__TASK GOAL__:
The entries shown below should be output exactly as they appear.
(MATERIAL SHOWN Opens)
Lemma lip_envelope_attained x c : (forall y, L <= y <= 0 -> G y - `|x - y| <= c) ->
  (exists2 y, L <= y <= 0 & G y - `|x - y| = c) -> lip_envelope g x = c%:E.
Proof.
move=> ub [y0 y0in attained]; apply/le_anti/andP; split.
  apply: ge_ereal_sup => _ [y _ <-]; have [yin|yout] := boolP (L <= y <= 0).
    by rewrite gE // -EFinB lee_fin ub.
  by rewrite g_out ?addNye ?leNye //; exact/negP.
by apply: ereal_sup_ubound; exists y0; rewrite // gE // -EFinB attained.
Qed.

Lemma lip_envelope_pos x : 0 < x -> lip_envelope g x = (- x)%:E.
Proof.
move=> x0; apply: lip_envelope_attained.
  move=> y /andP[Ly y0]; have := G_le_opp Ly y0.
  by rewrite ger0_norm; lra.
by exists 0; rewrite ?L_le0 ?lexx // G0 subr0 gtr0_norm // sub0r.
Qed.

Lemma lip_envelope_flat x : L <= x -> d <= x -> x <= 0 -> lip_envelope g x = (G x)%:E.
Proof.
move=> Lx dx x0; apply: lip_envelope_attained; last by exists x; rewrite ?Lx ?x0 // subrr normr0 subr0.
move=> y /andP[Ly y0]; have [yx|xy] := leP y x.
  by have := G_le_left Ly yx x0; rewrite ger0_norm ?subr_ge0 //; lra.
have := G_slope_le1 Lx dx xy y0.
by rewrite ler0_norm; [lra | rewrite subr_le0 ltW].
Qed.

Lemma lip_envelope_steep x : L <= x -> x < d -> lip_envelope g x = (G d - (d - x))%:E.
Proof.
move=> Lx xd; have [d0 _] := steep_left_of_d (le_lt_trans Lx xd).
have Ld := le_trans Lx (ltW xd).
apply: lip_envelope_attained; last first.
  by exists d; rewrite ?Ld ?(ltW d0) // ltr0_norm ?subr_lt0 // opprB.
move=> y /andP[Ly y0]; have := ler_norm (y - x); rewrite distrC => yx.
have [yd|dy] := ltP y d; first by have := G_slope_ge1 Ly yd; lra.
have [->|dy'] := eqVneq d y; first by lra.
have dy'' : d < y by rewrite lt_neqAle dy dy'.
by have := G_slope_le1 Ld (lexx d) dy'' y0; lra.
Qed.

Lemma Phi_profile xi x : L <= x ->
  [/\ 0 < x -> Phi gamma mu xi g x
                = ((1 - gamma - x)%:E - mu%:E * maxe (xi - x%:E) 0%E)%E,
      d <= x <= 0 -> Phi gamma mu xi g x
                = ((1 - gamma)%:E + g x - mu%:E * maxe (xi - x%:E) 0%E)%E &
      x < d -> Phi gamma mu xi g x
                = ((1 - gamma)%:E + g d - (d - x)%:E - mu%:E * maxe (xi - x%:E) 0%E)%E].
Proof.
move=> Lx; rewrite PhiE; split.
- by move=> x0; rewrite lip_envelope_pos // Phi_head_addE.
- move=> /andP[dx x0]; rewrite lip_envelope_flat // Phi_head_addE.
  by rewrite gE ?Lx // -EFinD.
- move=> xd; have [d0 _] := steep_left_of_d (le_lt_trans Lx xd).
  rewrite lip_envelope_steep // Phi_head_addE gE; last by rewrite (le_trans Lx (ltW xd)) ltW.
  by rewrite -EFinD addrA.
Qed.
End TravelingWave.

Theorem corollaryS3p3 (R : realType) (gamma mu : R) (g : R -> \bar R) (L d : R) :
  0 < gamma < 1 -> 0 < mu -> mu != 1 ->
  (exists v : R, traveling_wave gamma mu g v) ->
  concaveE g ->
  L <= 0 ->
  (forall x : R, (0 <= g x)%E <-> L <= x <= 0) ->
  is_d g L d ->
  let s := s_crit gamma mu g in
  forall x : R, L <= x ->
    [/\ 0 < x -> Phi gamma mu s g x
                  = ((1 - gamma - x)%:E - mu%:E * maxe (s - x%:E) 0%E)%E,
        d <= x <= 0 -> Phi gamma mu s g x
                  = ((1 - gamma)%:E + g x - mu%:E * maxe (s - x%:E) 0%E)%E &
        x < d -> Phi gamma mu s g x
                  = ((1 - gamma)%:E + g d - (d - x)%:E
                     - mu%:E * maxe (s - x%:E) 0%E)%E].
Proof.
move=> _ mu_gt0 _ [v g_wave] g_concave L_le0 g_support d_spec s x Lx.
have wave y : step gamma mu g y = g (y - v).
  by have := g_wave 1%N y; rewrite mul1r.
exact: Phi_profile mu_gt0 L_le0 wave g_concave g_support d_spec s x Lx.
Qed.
(MATERIAL SHOWN Closes)
__TASK RESULT__:
Lemma lip_envelope_attained x c : (forall y, L <= y <= 0 -> G y - `|x - y| <= c) ->
  (exists2 y, L <= y <= 0 & G y - `|x - y| = c) -> lip_envelope g x = c%:E.
Proof.
move=> ub [y0 y0in attained]; apply/le_anti/andP; split.
  apply: ge_ereal_sup => _ [y _ <-]; have [yin|yout] := boolP (L <= y <= 0).
    by rewrite gE // -EFinB lee_fin ub.
  by rewrite g_out ?addNye ?leNye //; exact/negP.
by apply: ereal_sup_ubound; exists y0; rewrite // gE // -EFinB attained.
Qed.

Lemma lip_envelope_pos x : 0 < x -> lip_envelope g x = (- x)%:E.
Proof.
move=> x0; apply: lip_envelope_attained.
  move=> y /andP[Ly y0]; have := G_le_opp Ly y0.
  by rewrite ger0_norm; lra.
by exists 0; rewrite ?L_le0 ?lexx // G0 subr0 gtr0_norm // sub0r.
Qed.

Lemma lip_envelope_flat x : L <= x -> d <= x -> x <= 0 -> lip_envelope g x = (G x)%:E.
Proof.
move=> Lx dx x0; apply: lip_envelope_attained; last by exists x; rewrite ?Lx ?x0 // subrr normr0 subr0.
move=> y /andP[Ly y0]; have [yx|xy] := leP y x.
  by have := G_le_left Ly yx x0; rewrite ger0_norm ?subr_ge0 //; lra.
have := G_slope_le1 Lx dx xy y0.
by rewrite ler0_norm; [lra | rewrite subr_le0 ltW].
Qed.

Lemma lip_envelope_steep x : L <= x -> x < d -> lip_envelope g x = (G d - (d - x))%:E.
Proof.
move=> Lx xd; have [d0 _] := steep_left_of_d (le_lt_trans Lx xd).
have Ld := le_trans Lx (ltW xd).
apply: lip_envelope_attained; last first.
  by exists d; rewrite ?Ld ?(ltW d0) // ltr0_norm ?subr_lt0 // opprB.
move=> y /andP[Ly y0]; have := ler_norm (y - x); rewrite distrC => yx.
have [yd|dy] := ltP y d; first by have := G_slope_ge1 Ly yd; lra.
have [->|dy'] := eqVneq d y; first by lra.
have dy'' : d < y by rewrite lt_neqAle dy dy'.
by have := G_slope_le1 Ld (lexx d) dy'' y0; lra.
Qed.

Lemma Phi_profile xi x : L <= x ->
  [/\ 0 < x -> Phi gamma mu xi g x
                = ((1 - gamma - x)%:E - mu%:E * maxe (xi - x%:E) 0%E)%E,
      d <= x <= 0 -> Phi gamma mu xi g x
                = ((1 - gamma)%:E + g x - mu%:E * maxe (xi - x%:E) 0%E)%E &
      x < d -> Phi gamma mu xi g x
                = ((1 - gamma)%:E + g d - (d - x)%:E - mu%:E * maxe (xi - x%:E) 0%E)%E].
Proof.
move=> Lx; rewrite PhiE; split.
- by move=> x0; rewrite lip_envelope_pos // Phi_head_addE.
- move=> /andP[dx x0]; rewrite lip_envelope_flat // Phi_head_addE.
  by rewrite gE ?Lx // -EFinD.
- move=> xd; have [d0 _] := steep_left_of_d (le_lt_trans Lx xd).
  rewrite lip_envelope_steep // Phi_head_addE gE; last by rewrite (le_trans Lx (ltW xd)) ltW.
  by rewrite -EFinD addrA.
Qed.
End TravelingWave.

Theorem corollaryS3p3 (R : realType) (gamma mu : R) (g : R -> \bar R) (L d : R) :
  0 < gamma < 1 -> 0 < mu -> mu != 1 ->
  (exists v : R, traveling_wave gamma mu g v) ->
  concaveE g ->
  L <= 0 ->
  (forall x : R, (0 <= g x)%E <-> L <= x <= 0) ->
  is_d g L d ->
  let s := s_crit gamma mu g in
  forall x : R, L <= x ->
    [/\ 0 < x -> Phi gamma mu s g x
                  = ((1 - gamma - x)%:E - mu%:E * maxe (s - x%:E) 0%E)%E,
        d <= x <= 0 -> Phi gamma mu s g x
                  = ((1 - gamma)%:E + g x - mu%:E * maxe (s - x%:E) 0%E)%E &
        x < d -> Phi gamma mu s g x
                  = ((1 - gamma)%:E + g d - (d - x)%:E
                     - mu%:E * maxe (s - x%:E) 0%E)%E].
Proof.
move=> _ mu_gt0 _ [v g_wave] g_concave L_le0 g_support d_spec s x Lx.
have wave y : step gamma mu g y = g (y - v).
  by have := g_wave 1%N y; rewrite mul1r.
exact: Phi_profile mu_gt0 L_le0 wave g_concave g_support d_spec s x Lx.
Qed.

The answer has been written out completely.